GreenFuel Technologies, one of the earliest, best funded and most publicized algae companies, is shutting its doors, a victim of the credit crunch.
"We are closing doors. We are a victim of the economy," said Duncan McIntyre at Polaris Venture Partners, which invested in Greenfuel.
Although it has raised millions of dollars and landed a high-profile deal with Auranta in Spain to erect test facilities, it could not get money to complete the project. In January, it laid off 19 people, or half of the staff.
The company has also been chronically saddled with delays and technical problems. The company's plan was to pump carbon dioxide from smokestacks into bioreactors – i.e., sealed plastic bags filled with algae and water. The algae would grow fat on the carbon dioxide and later be harvested by GreenFuel to be turned into oil for biodiesel. Protein and other matter from the algae would also be sold to pet food manufacturers.
Ideally, GreenFuel's plants would sequester greenhouse gases, help the U.S. get off foreign oil, and bring the company revenue from carbon credits and product sales.
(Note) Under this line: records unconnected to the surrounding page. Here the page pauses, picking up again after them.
Lemma spread_ge0 y t : 0 <= spread y t.
Proof. by rewrite subr_ge0 cmin_le_cmax. Qed.

Lemma spread_nonincr y t s : consensus_sol y -> t <= s -> spread y s <= spread y t.
Proof. by move=> y_sol ts; rewrite lerB ?cmax_nonincr ?cmin_nondecr. Qed.

Definition beta := rate ^+ L * expR (- D * L%:R) / 2.

Lemma beta_gt0 : 0 < beta.
Proof. by rewrite divr_gt0 // mulr_gt0 ?expR_gt0 // exprn_gt0 // rate_gt0. Qed.

Lemma beta_le_half : beta <= 1 / 2.
Proof.
rewrite ler_pM2r // -[1]mulr1; apply: ler_pM.
- exact/exprn_ge0/ltW/rate_gt0.
- exact/ltW/expR_gt0.
- exact: exprn_ile1 (ltW rate_gt0) rate_le1.
- by rewrite -expR0 ler_expR mulNr oppr_le0 mulr_ge0.
Qed.

Lemma spread_step y t : consensus_sol y ->
  spread y (t + L%:R) <= (1 - beta) * spread y t.
Proof.
move=> y_sol; rewrite /spread.
have tL : t <= t + L%:R by rewrite lerDl.
have ub := cmax_nonincr y_sol tL; have lb := cmin_nondecr y_sol tL.
have hub_m := cmin_le y t hub; have hub_M := cmax_ge y t hub.
have beta_pos := beta_gt0.
have twice_beta : rate ^+ L * expR (- D * L%:R) = 2 * beta by rewrite /beta; field.
case: (leP (y hub t) ((cmax y t + cmin y t) / 2)) => hub_mid.
- have : cmax y (t + L%:R) <= cmax y t - beta * (cmax y t - cmin y t).
    apply: cmax_le => n; have := consensus_window y_sol (cmax_ge y t) n.
    rewrite twice_beta; nra.
  nra.
- have : cmin y t + beta * (cmax y t - cmin y t) <= cmin y (t + L%:R).
    apply: cmin_ge => n.
    have m_ub i : 0 - y i t <= - cmin y t by rewrite sub0r lerN2 cmin_le.
    have := consensus_window (consensus_solBl 0 y_sol) m_ub n.
    rewrite /= twice_beta !sub0r; nra.
  nra.
Qed.

Lemma spread_iter y N : consensus_sol y ->
  spread y (N%:R * L%:R) <= (1 - beta) ^+ N * spread y 0.
Proof.
move=> y_sol; elim: N => [|N IHN]; first by rewrite mul0r expr0 mul1r.
rewrite -natr1 mulrDl mul1r; apply: le_trans (spread_step _ y_sol) _.
rewrite exprS -mulrA ler_wpM2l //; have := beta_le_half; lra.
Qed.

Lemma spread_exp_decay y : consensus_sol y -> (0 < L)%N ->
  exists C lam, 0 < lam /\ forall t, 0 <= t -> spread y t <= C * expR (- (lam * t)).
Proof.
move=> y_sol L_gt0; set q := 1 - beta.
have q_gt0 : 0 < q by have := beta_le_half; rewrite /q; lra.
have q_lt1 : q < 1 by have := beta_gt0; rewrite /q; lra.
have L_pos : (0 : R) < L%:R by rewrite ltr0n.
have lnq_lt0 : ln q < 0 by rewrite ln_lt0 // q_gt0 q_lt1.
set lam := - ln q / L%:R.
exists (spread y 0 / q), lam; split; first by rewrite divr_gt0 // oppr_gt0.
move=> t t_ge0; set N := Num.trunc (t / L%:R).
have NL : N%:R * L%:R <= t by rewrite -ler_pdivlMr // truncn_le divr_ge0 // ltW.
apply: le_trans (spread_nonincr y_sol NL) _; apply: le_trans (spread_iter N y_sol) _.
have -> : q ^+ N = expR (N%:R * ln q) by rewrite expRM_natl lnK // posrE.
have : N%:R * ln q <= - (lam * t) - ln q.
  have -> : - (lam * t) - ln q = (t / L%:R - 1) * ln q by rewrite /lam; field; rewrite lt0r_neq0.
  rewrite ler_wnM2r ?ltW //; have := truncnS_gt (t / L%:R); rewrite -natr1 -/N; lra.
rewrite -ler_expR expRD expRN lnK ?posrE // => qN.
have -> : spread y 0 / q * expR (- (lam * t)) = expR (- (lam * t)) / q * spread y 0 by ring.
by apply: le_trans (ler_wpM2r (spread_ge0 y 0) qN) _.
Qed.

Lemma consensus_limit y : consensus_sol y -> exists c, forall t, cmin y t <= c <= cmax y t.
Proof.
move=> y_sol.
have cmin_le_cmax_any s t : cmin y s <= cmax y t.
  case: (leP s t) => st.
    exact: le_trans (cmin_nondecr y_sol st) (cmin_le_cmax y t).
  exact: le_trans (cmin_le_cmax y s) (cmax_nonincr y_sol (ltW st)).
have cmin_sup : has_sup (range (cmin y)).
  split; first by exists (cmin y 0); exists 0.
  by exists (cmax y 0) => _ [s _ <-].
exists (sup (range (cmin y))) => t; apply/andP; split.
  by apply: sup_upper_bound => //; exists t.
by apply: ge_sup; [case: cmin_sup | move=> _ [s _ <-]].
Qed.

Lemma consensus_exp_cvg y : consensus_sol y -> (0 < L)%N ->
  exists c C lam, 0 < lam /\
    forall n t, 0 <= t -> `|y n t - c| <= C * expR (- (lam * t)).
Proof.
move=> y_sol L_gt0; have [c c_mM] := consensus_limit y_sol.
have [C [lam [lam_gt0 decay]]] := spread_exp_decay y_sol L_gt0.
exists c, C, lam; split=> // n t t_ge0; apply: le_trans (decay t t_ge0).
have := cmin_le y t n; have := cmax_ge y t n; have /andP[] := c_mM t.
rewrite /spread ler_norml; lra.
Qed.

End Contraction.

Theorem consensus (hub : I) y : consensus_sol y ->
  (forall n, exists l, reachn hub l n) ->
  exists c C lam, 0 < lam /\
    forall n t, 0 <= t -> `|y n t - c| <= C * expR (- (lam * t)).
Proof.
move=> y_sol reach; have [len len_reach] := boolp.choice reach.
pose alpha := \big[Num.min/1]_(p : I * K | 0 < w p.1 p.2) w p.1 p.2.
pose D := \sum_n \sum_k w n k.
apply: (@consensus_exp_cvg hub (\max_n len n).+1 alpha D) => //.
- by apply: lt_bigmin => // p; case/andP.
- by move=> n k wnk; exact: (@bigmin_le_cond _ _ _ 1 (n, k) (fun p => 0 < w p.1 p.2)).
- by apply: sumr_ge0 => n _; exact: sumr_ge0.
- by move=> n; rewrite /D (bigD1 n) //= lerDl sumr_ge0 // => i _; exact: sumr_ge0.
- by move=> n; exists (len n); rewrite leqW ?leq_bigmax.
Qed.
End Consensus.

Section MatrixAnalysis.
Variable R : realType.

Lemma mx_subE m n (A B : 'M[R]_(m, n)) i j : (A - B) i j = A i j - B i j.
Proof. by rewrite !mxE. Qed.

Lemma mx_entry_le_norm m n (M : 'M[R]_(m, n)) i j : `|M i j| <= `|M|.
Proof.
rewrite [`|M|]mx_normrE.
exact: (@le_bigmax _ _ _ 0 (fun ij : 'I_m * 'I_n => `|M ij.1 ij.2|) (i, j)).
Qed.

Lemma mx_norm_le m n (M : 'M[R]_(m, n)) B : 0 <= B ->
  (forall i j, `|M i j| <= B) -> `|M| <= B.
Proof. by move=> B_ge0 MB; rewrite [`|M|]mx_normrE; apply: bigmax_le => // ij _. Qed.
(* Let $w=t_x\overline w\in\widehat W$ with $x\in L$, $\overline w\in W_0$. Then $\mathcal{L}_{\Lambda_0}(w)=\frac h2|x|^2-\mathrm{ht}(x)$; in particular $\mathcal{L}_{\Lambda_0}(w)=\mathcal{L}_{\Lambda_0}(t_x)$. Moreover, writing $w=\sigma_jv$ with $\sigma_j\in\Sigma$ and $v\in W$, one has $\mathcal{L}_{\Lambda_0}(\sigma_jv)=\mathcal{L}_{\Lambda_0}(\sigma_jv^0)$, where $v^0$ is the unique element of minimal length in $vW_0$.
   Context: Affine Kac–Moody setting: generalized Cartan matrix $A=(a_{ij})_{0\le i,j\le n}$ of affine type, realization $\Delta=\{\alpha_0,\dots,\alpha_n\}\subset\mathfrak h^*$, $\Delta^\vee\subset\mathfrak h$; $(a_i)$, $(a_i^\vee)$ primitive kernel vectors of $A$, $A^T$; $h=\sum a_i$, $\delta=\sum a_i\alpha_i$, $c=\sum a_i^\vee\alpha_i^\vee$, $\theta=\delta-a_0\alpha_0=\sum_{i\ge1}a_i\alpha_i$. $V_0=\bigoplus_{i\ge1}\mathbb{R}\alpha_i$ with the standard invariant form $(\cdot|\cdot)$. For $x\in V_0$, $t_x(v)=v+\langle v,c\rangle x-((v|x)+\frac12|x|^2\langle v,c\rangle)\delta$. $W_0=\langle s_1,\dots,s_n\rangle$, $M=\mathbb{Z}W_0(\theta/a_0)$, $W=\langle s_0,\dots,s_n\rangle=T(M)\rtimes W_0$. $L\subset V_0$ is the image of the coweight lattice $P_0^\vee=\bigoplus\mathbb{Z}\omega_i^\vee$ of $W_0$ under the isomorphism $V_0^*\cong V_0$ induced by $(\cdot|\cdot)$; $M\subset L$; the extended affine Weyl group is $\widehat W=T(L)\rtimes W_0$. With $J=\{j\in\{1,\dots,n\}\mid a_j=1\}$, $\sigma_j=t_{\omega_j^\vee}w_{0,j}w_0$ for $j\in J$ ($w_0$ longest element of $W_0$, $w_{0,j}$ longest element of the parabolic subgroup generated by $s_i$, $i\ne j$, $1\le i\le n$), $\Sigma=\{e\}\cup\{\sigma_j\mid j\in J\}$, and every element of $\widehat W$ is uniquely $\sigma v$ with $\sigma\in\Sigma$, $v\in W$. $\rho^\vee\in\mathfrak h$ with $\langle\alpha_i,\rho^\vee\rangle=1$ for all $i$; $\mathcal{L}_{\Lambda_0}(g)=\langle\Lambda_0-g\Lambda_0,\rho^\vee\rangle$ for $g\in GL(\mathfrak h^* )$; $\mathrm{ht}(\sum x_i\alpha_i)=\sum x_i$ (rational coefficients allowed). *)

From mathcomp Require Import all_boot all_order all_algebra.
Set Implicit Arguments.
Unset Strict Implicit.
Unset Printing Implicit Defensive.
Import Order.TTheory GRing.Theory Num.Theory.
Local Open Scope ring_scope.

(* Indices 0..n are the elements of 'I_n.+1.                           *)

Definition is_GCM (n : nat) (A : 'M[int]_n.+1) : Prop :=
  (forall i, A i i = 2) /\
  (forall i j, i != j -> A i j <= 0) /\
  (forall i j, A i j = 0 <-> A j i = 0).

Definition indecomposable (n : nat) (A : 'M[int]_n.+1) : Prop :=
  forall S : {set 'I_n.+1}, S != set0 -> S != setT ->
    exists i j, [/\ i \in S, j \notin S & A i j != 0].

Definition affine_GCM (R : realFieldType) (n : nat) (A : 'M[int]_n.+1) : Prop :=
  let AR := map_mx (fun z : int => z%:~R : R) A in
  [/\ is_GCM A, indecomposable A,
      \rank AR = n,
      (exists u : 'cV[R]_n.+1, (forall i, 0 < u i 0) /\ AR *m u = 0)
    & (forall v : 'cV[R]_n.+1, (forall i, 0 <= (AR *m v) i 0) -> AR *m v = 0)].

Definition primitive_kernel_vector (n : nat) (A : 'M[int]_n.+1)
    (a : 'I_n.+1 -> nat) : Prop :=
  [/\ forall i, (0 < a i)%N,
      forall i, \sum_j A i j * (a j)%:Z = 0
    & \big[gcdn/0%N]_i a i = 1%N].

Section Realization.
Variable R : realFieldType.
Variable n : nat.
Variable A : 'M[int]_n.+1.
Variables a av : 'I_n.+1 -> nat.

(* h^* has basis alpha_0..alpha_n, Lambda_0; h has basis alpha_0^v..alpha_n^v, d.
   Coordinates: index (lift ord_max i) (whose value is i) for alpha_i resp.
   alpha_i^v, index ord_max for Lambda_0 resp. d. *)
Definition aidx (i : 'I_n.+1) : 'I_n.+2 := lift ord_max i.

(* pairing matrix: P k l = < k-th basis vector of h^*, l-th basis vector of h >
   <alpha_j, alpha_i^v> = a_ij, <alpha_j, d> = delta_{j0},
   <Lambda_0, alpha_i^v> = delta_{i0}, <Lambda_0, d> = 0. *)
Definition pairmx : 'M[R]_n.+2 :=
  \matrix_(k, l)
    match unlift ord_max k, unlift ord_max l with
    | Some j, Some i => (A i j)%:~R
    | Some j, None => (j == ord0)%:R
    | None, Some i => (i == ord0)%:R
    | None, None => 0
    end.

Definition kpair (lam : 'cV[R]_n.+2) (mu : 'cV[R]_n.+2) : R :=
  (lam^T *m pairmx *m mu) 0 0.

Definition alpha (i : 'I_n.+1) : 'cV[R]_n.+2 := delta_mx (aidx i) 0.
Definition coroot (i : 'I_n.+1) : 'cV[R]_n.+2 := delta_mx (aidx i) 0.
Definition Lambda0 : 'cV[R]_n.+2 := delta_mx ord_max 0.

(* simple reflection s_i(lam) = lam - <lam, alpha_i^v> alpha_i *)
Definition srefl (i : 'I_n.+1) : 'M[R]_n.+2 :=
  1%:M - alpha i *m (pairmx *m coroot i)^T.

Definition deltav : 'cV[R]_n.+2 := \sum_i (a i)%:R *: alpha i.
Definition cvec : 'cV[R]_n.+2 := \sum_i (av i)%:R *: coroot i.

(* Kac's normalized invariant invform on h^*:
   (alpha_i|alpha_j) = a_i^v a_i^-1 a_ij, (alpha_i|Lambda_0) = delta_{i0} a_0^v a_0^-1,
   (Lambda_0|Lambda_0) = 0. *)
Definition gram : 'M[R]_n.+2 :=
  \matrix_(k, l)
    match unlift ord_max k, unlift ord_max l with
    | Some i, Some j => (av i)%:R / (a i)%:R * (A i j)%:~R
    | Some i, None => (i == ord0)%:R * (av ord0)%:R / (a ord0)%:R
    | None, Some j => (j == ord0)%:R * (av ord0)%:R / (a ord0)%:R
    | None, None => 0
    end.

Definition invform (x y : 'cV[R]_n.+2) : R := (x^T *m gram *m y) 0 0.

(* V_0 = span(alpha_1, ..., alpha_n) *)
Definition inV0 (x : 'cV[R]_n.+2) : Prop :=
  x ord_max 0 = 0 /\ x (aidx ord0) 0 = 0.

(* L = image of the coweight lattice of W_0 in V_0 under V_0^* ~ V_0:
   x in V_0 with (x|alpha_j) in Z for j = 1..n *)
Definition inL (x : 'cV[R]_n.+2) : Prop :=
  inV0 x /\ forall j : 'I_n.+1, j != ord0 -> exists m : int, invform x (alpha j) = m%:~R.

(* omega is the (image of the) fundamental coweight omega_j^v *)
Definition coweight (j : 'I_n.+1) (omega : 'cV[R]_n.+2) : Prop :=
  inV0 omega /\ forall k : 'I_n.+1, k != ord0 -> invform omega (alpha k) = (k == j)%:R.

Definition ht (x : 'cV[R]_n.+2) : R := \sum_i x (aidx i) 0.

(* t_x(v) = v + <v,c> x - ((v|x) + 1/2 |x|^2 <v,c>) deltav *)
Definition tmx (x : 'cV[R]_n.+2) : 'M[R]_n.+2 :=
  1%:M + x *m (pairmx *m cvec)^T
  - deltav *m ((gram *m x)^T + (invform x x / 2%:R) *: (pairmx *m cvec)^T).

Definition wordmx (s : seq 'I_n.+1) : 'M[R]_n.+2 := \prod_(i <- s) srefl i.

Definition inWP (P : pred 'I_n.+1) (g : 'M[R]_n.+2) : Prop :=
  exists s, all P s /\ g = wordmx s.

Definition W0pred : pred 'I_n.+1 := fun i => i != ord0.
Definition W0jpred (j : 'I_n.+1) : pred 'I_n.+1 := fun i => (i != ord0) && (i != j).

Definition inW (g : 'M[R]_n.+2) : Prop := inWP predT g.
Definition inW0 (g : 'M[R]_n.+2) : Prop := inWP W0pred g.

Definition lenP (P : pred 'I_n.+1) (g : 'M[R]_n.+2) (k : nat) : Prop :=
  (exists s, [/\ all P s, g = wordmx s & size s = k]) /\
  (forall s, all P s -> g = wordmx s -> (k <= size s)%N).

Definition longestP (P : pred 'I_n.+1) (g : 'M[R]_n.+2) : Prop :=
  inWP P g /\ exists k, lenP P g k /\ forall u k', lenP P u k' -> (k' <= k)%N.

Definition inSigma (g : 'M[R]_n.+2) : Prop :=
  g = 1%:M \/
  exists (j : 'I_n.+1) omega w0 w0j,
    [/\ j != ord0, a j = 1%N, coweight j omega,
        longestP W0pred w0 & longestP (W0jpred j) w0j] /\
    g = tmx omega * w0j * w0.

Definition min_in_coset (v v0 : 'M[R]_n.+2) : Prop :=
  (exists u, inW0 u /\ v0 = v * u) /\
  exists s, v0 = wordmx s /\
    forall u s', inW0 u -> v * u = wordmx s' -> (size s <= size s')%N.

Definition LL (rho : 'cV[R]_n.+2) (g : 'M[R]_n.+2) : R :=
  kpair (Lambda0 - g *m Lambda0) rho.

Definition hcox : nat := \sum_i a i.

End Realization.

From mathcomp Require Import all_boot all_order all_algebra.
From mathcomp Require Import ring.
Set Implicit Arguments.
Unset Strict Implicit.
Unset Printing Implicit Defensive.
Import Order.TTheory GRing.Theory Num.Theory.
Local Open Scope ring_scope.

(** Both statements come down to the orbit of [Lambda0].  Each [s_i] with
    [i <> 0] fixes [Lambda0], because [<Lambda0, alpha_i^v> = 0]; so the whole
    of [W_0] fixes it and [L_Lambda0(g u) = L_Lambda0(g)] for [u] in [W_0].
    This gives [L(t_x wb) = L(t_x)] and [L(sigma v) = L(sigma v^0)], since
    [v^0 = v u] with [u] in [W_0].  Finally, for [x] in [V_0] one has
    [(Lambda0 | x) = 0], hence
    [t_x(Lambda0) = Lambda0 + a_0^v x - a_0^v |x|^2/2 delta], and pairing with
    [rho^v], which counts heights, gives
    [L(t_x) = a_0^v (h |x|^2/2 - ht x)]. *)

Lemma mulmx_delta_col (R : pzSemiRingType) (p m : nat) (B : 'M[R]_(p, m))
    (k : 'I_m) (j : 'I_p) (q : 'I_1) :
  (B *m delta_mx k 0) j q = B j k.
Proof. by rewrite -colE mxE. Qed.

Section Lambda0Stabilizer.
Variables (R : realFieldType) (n : nat) (A : 'M[int]_n.+1).

Lemma pairmx_Lambda0_coroot (i : 'I_n.+1) :
  pairmx R A ord_max (aidx i) = (i == ord0)%:R.
Proof. by rewrite mxE unlift_none /aidx liftK. Qed.

Lemma srefl_Lambda0 (i : 'I_n.+1) :
  i != ord0 -> srefl R A i *m Lambda0 R n = Lambda0 R n.
Proof.
move=> i_neq0; rewrite /srefl mulmxBl mul1mx -mulmxA.
suff -> : (pairmx R A *m coroot R i)^T *m Lambda0 R n = 0
  by rewrite mulmx0 subr0.
apply/matrixP => p q; rewrite [p]ord1 [q]ord1 mulmx_delta_col [RHS]mxE mxE.
by rewrite mulmx_delta_col pairmx_Lambda0_coroot (negbTE i_neq0).
Qed.

Lemma inW0_Lambda0 (u : 'M[R]_n.+2) : inW0 A u -> u *m Lambda0 R n = Lambda0 R n.
Proof.
case=> s [+ ->]; elim: s => [|i s IHs] /=; first by rewrite /wordmx big_nil mul1mx.
case/andP=> i_neq0 s_W0.
by rewrite /wordmx big_cons -/(wordmx R A s) -mulmxA IHs // srefl_Lambda0.
Qed.

Lemma LL_mulr_fixed (rho : 'cV[R]_n.+2) (g u : 'M[R]_n.+2) :
  u *m Lambda0 R n = Lambda0 R n -> LL A rho (g * u) = LL A rho g.
Proof. by move=> uL; rewrite /LL -mulmxE -mulmxA uL. Qed.

End Lambda0Stabilizer.

Section Heights.
Variables (R : realFieldType) (n : nat) (A : 'M[int]_n.+1) (a : 'I_n.+1 -> nat).

Lemma htB (u v : 'cV[R]_n.+2) : ht (u - v) = ht u - ht v.
Proof. by rewrite /ht -sumrB; apply: eq_bigr => i _; rewrite !mxE. Qed.

Lemma htZ (c : R) (u : 'cV[R]_n.+2) : ht (c *: u) = c * ht u.
Proof. by rewrite /ht mulr_sumr; apply: eq_bigr => i _; rewrite mxE. Qed.

Lemma deltav_aidx (i : 'I_n.+1) : deltav R a (aidx i) 0 = (a i)%:R.
Proof.
rewrite /deltav summxE (bigD1 i) //= big1 ?addr0.
  by rewrite mxE /alpha mxE !eqxx mulr1.
move=> j j_neq_i; rewrite mxE /alpha mxE (inj_eq (@lift_inj _ _)).
by rewrite eq_sym (negbTE j_neq_i) andbT mulr0.
Qed.

Lemma deltav_max : deltav R a ord_max 0 = 0.
Proof.
rewrite /deltav summxE big1 // => j _.
by rewrite mxE /alpha mxE /aidx (negbTE (neq_lift _ _)) mulr0.
Qed.

Lemma ht_deltav : ht (deltav R a) = (hcox a)%:R.
Proof. by rewrite /ht /hcox natr_sum; apply: eq_bigr => i _; rewrite deltav_aidx. Qed.

Lemma kpair_alpha (rho : 'cV[R]_n.+2) (i : 'I_n.+1) :
  kpair A (alpha R i) rho = (pairmx R A *m rho) (aidx i) 0.
Proof. by rewrite /kpair -mulmxA /alpha trmx_delta -rowE mxE. Qed.

(* [rho^v] is only pinned down up to [<Lambda0, rho^v>]; vectors without a
   [Lambda0]-component do not see that ambiguity. *)
Lemma kpair_rho_ht (rho lam : 'cV[R]_n.+2) :
  (forall i, kpair A (alpha R i) rho = 1) -> lam ord_max 0 = 0 ->
  kpair A lam rho = ht lam.
Proof.
move=> rhoE lam_max.
have rho_aidx i : (pairmx R A *m rho) (aidx i) 0 = 1 by rewrite -kpair_alpha.
rewrite /kpair -mulmxA; set r := pairmx R A *m rho in rho_aidx *.
rewrite mxE (bigD1_ord ord_max) //= mxE lam_max mul0r add0r.
by apply: eq_bigr => i _; rewrite mxE rho_aidx mulr1.
Qed.

End Heights.

Section Translations.
Variables (R : realFieldType) (n : nat) (A : 'M[int]_n.+1) (a av : 'I_n.+1 -> nat).

Lemma pairmx_cvec_max : (pairmx R A *m cvec R av) ord_max 0 = (av ord0)%:R.
Proof.
rewrite /cvec mulmx_sumr summxE (bigD1 ord0) //= big1 ?addr0.
  by rewrite -scalemxAr mxE mulmx_delta_col pairmx_Lambda0_coroot eqxx mulr1.
move=> j j_neq0; rewrite -scalemxAr mxE mulmx_delta_col.
by rewrite pairmx_Lambda0_coroot (negbTE j_neq0) mulr0.
Qed.

Lemma gram_V0_max (x : 'cV[R]_n.+2) :
  inV0 x -> (gram R A a av *m x) ord_max 0 = 0.
Proof.
case=> x_max x_0; rewrite mxE (bigD1_ord ord_max) //= x_max mulr0 add0r.
rewrite big1 // => i _; rewrite mxE unlift_none liftK.
by case: eqP => [->|_]; rewrite ?x_0 ?mulr0 // !mul0r.
Qed.

Lemma tmx_Lambda0 (x : 'cV[R]_n.+2) : inV0 x ->
  tmx A a av x *m Lambda0 R n
    = Lambda0 R n + (av ord0)%:R *: x
      - ((av ord0)%:R * invform A a av x x / 2%:R) *: deltav R a.
Proof.
move=> x_V0; apply/matrixP => k q; rewrite [q]ord1 mulmx_delta_col.
have cE := pairmx_cvec_max; have gE := gram_V0_max x_V0.
rewrite /tmx; set c := pairmx R A *m _ in cE *; set g := gram R A a av *m x in gE *.
clearbody c g; rewrite !mxE !big_ord1 !mxE.
have -> : (ord0 : 'I_1) = 0 by [].
rewrite cE gE eqxx andbT add0r; ring.
Qed.

Lemma LL_tmx (rho x : 'cV[R]_n.+2) :
  (forall i, kpair A (alpha R i) rho = 1) -> inV0 x ->
  LL A rho (tmx A a av x)
    = (av ord0)%:R * ((hcox a)%:R / 2%:R * invform A a av x x - ht x).
Proof.
move=> rhoE x_V0; rewrite /LL tmx_Lambda0 // opprB addrCA opprD addNKr.
rewrite kpair_rho_ht //; last by rewrite !mxE deltav_max (proj1 x_V0); ring.
by rewrite htB !htZ ht_deltav; ring.
Qed.

End Translations.

Theorem proposition2p6 (R : realFieldType) (n : nat) (A : 'M[int]_n.+1)
    (a av : 'I_n.+1 -> nat)
    (hA : affine_GCM R A)
    (ha : primitive_kernel_vector A a)
    (hav : primitive_kernel_vector A^T av)
    (hav0 : av ord0 = 1%N)
    (rho : 'cV[R]_n.+2)
    (hrho : forall i : 'I_n.+1, kpair A (alpha R i) rho = 1) :
  (forall (x : 'cV[R]_n.+2) (wb : 'M[R]_n.+2),
      inL A a av x -> inW0 A wb ->
      LL A rho (tmx A a av x * wb)
        = (hcox a)%:R / 2%:R * invform A a av x x - ht x
      /\ LL A rho (tmx A a av x * wb) = LL A rho (tmx A a av x)) /\
  (forall (sigma v v0 : 'M[R]_n.+2),
      inSigma A a av sigma -> inW A v -> min_in_coset A v v0 ->
      LL A rho (sigma * v) = LL A rho (sigma * v0)).
Proof.
split.
  move=> x wb [x_V0 _] wb_W0.
  rewrite LL_mulr_fixed ?(inW0_Lambda0 wb_W0) //.
  by rewrite LL_tmx // hav0 mul1r.
move=> sigma v _ _ _ [[u [u_W0 ->]] _].
by rewrite mulrA [RHS]LL_mulr_fixed ?(inW0_Lambda0 u_W0).
Qed.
Getting the whole thing to run smoothly, though, was tougher than expected. GreenFuel could grow algae. The problem was controlling it. In 2007, a project to grow algae in an Arizona greenhouse went awry when the algae grew faster than they could be harvested and died off. The company also found its system would cost more than twice its target.
That led to the company laying off about half its staff of 50 at the time and hiring Ethernet inventor Bob Metcalfe as interim CEO. Metcalfe led the restarting and decommissioning of the Arizona project after what he said was a successful trial, and helped the company raise $13.9 million in funding from VCs including Access Private Equity, Draper Fisher Jurvetson and Polaris Venture Partners.
In July, shortly after Metcalfe said GreenFuel was seeking a series C round of funding and was looking into two projects in the United States (see GreenFuel Closes In on Series C), GreenFuel named former Dow Chemical executive Upfill-Brown as its new CEO. Since then, GreenFuel hasn't announced any more funding or any U.S. projects.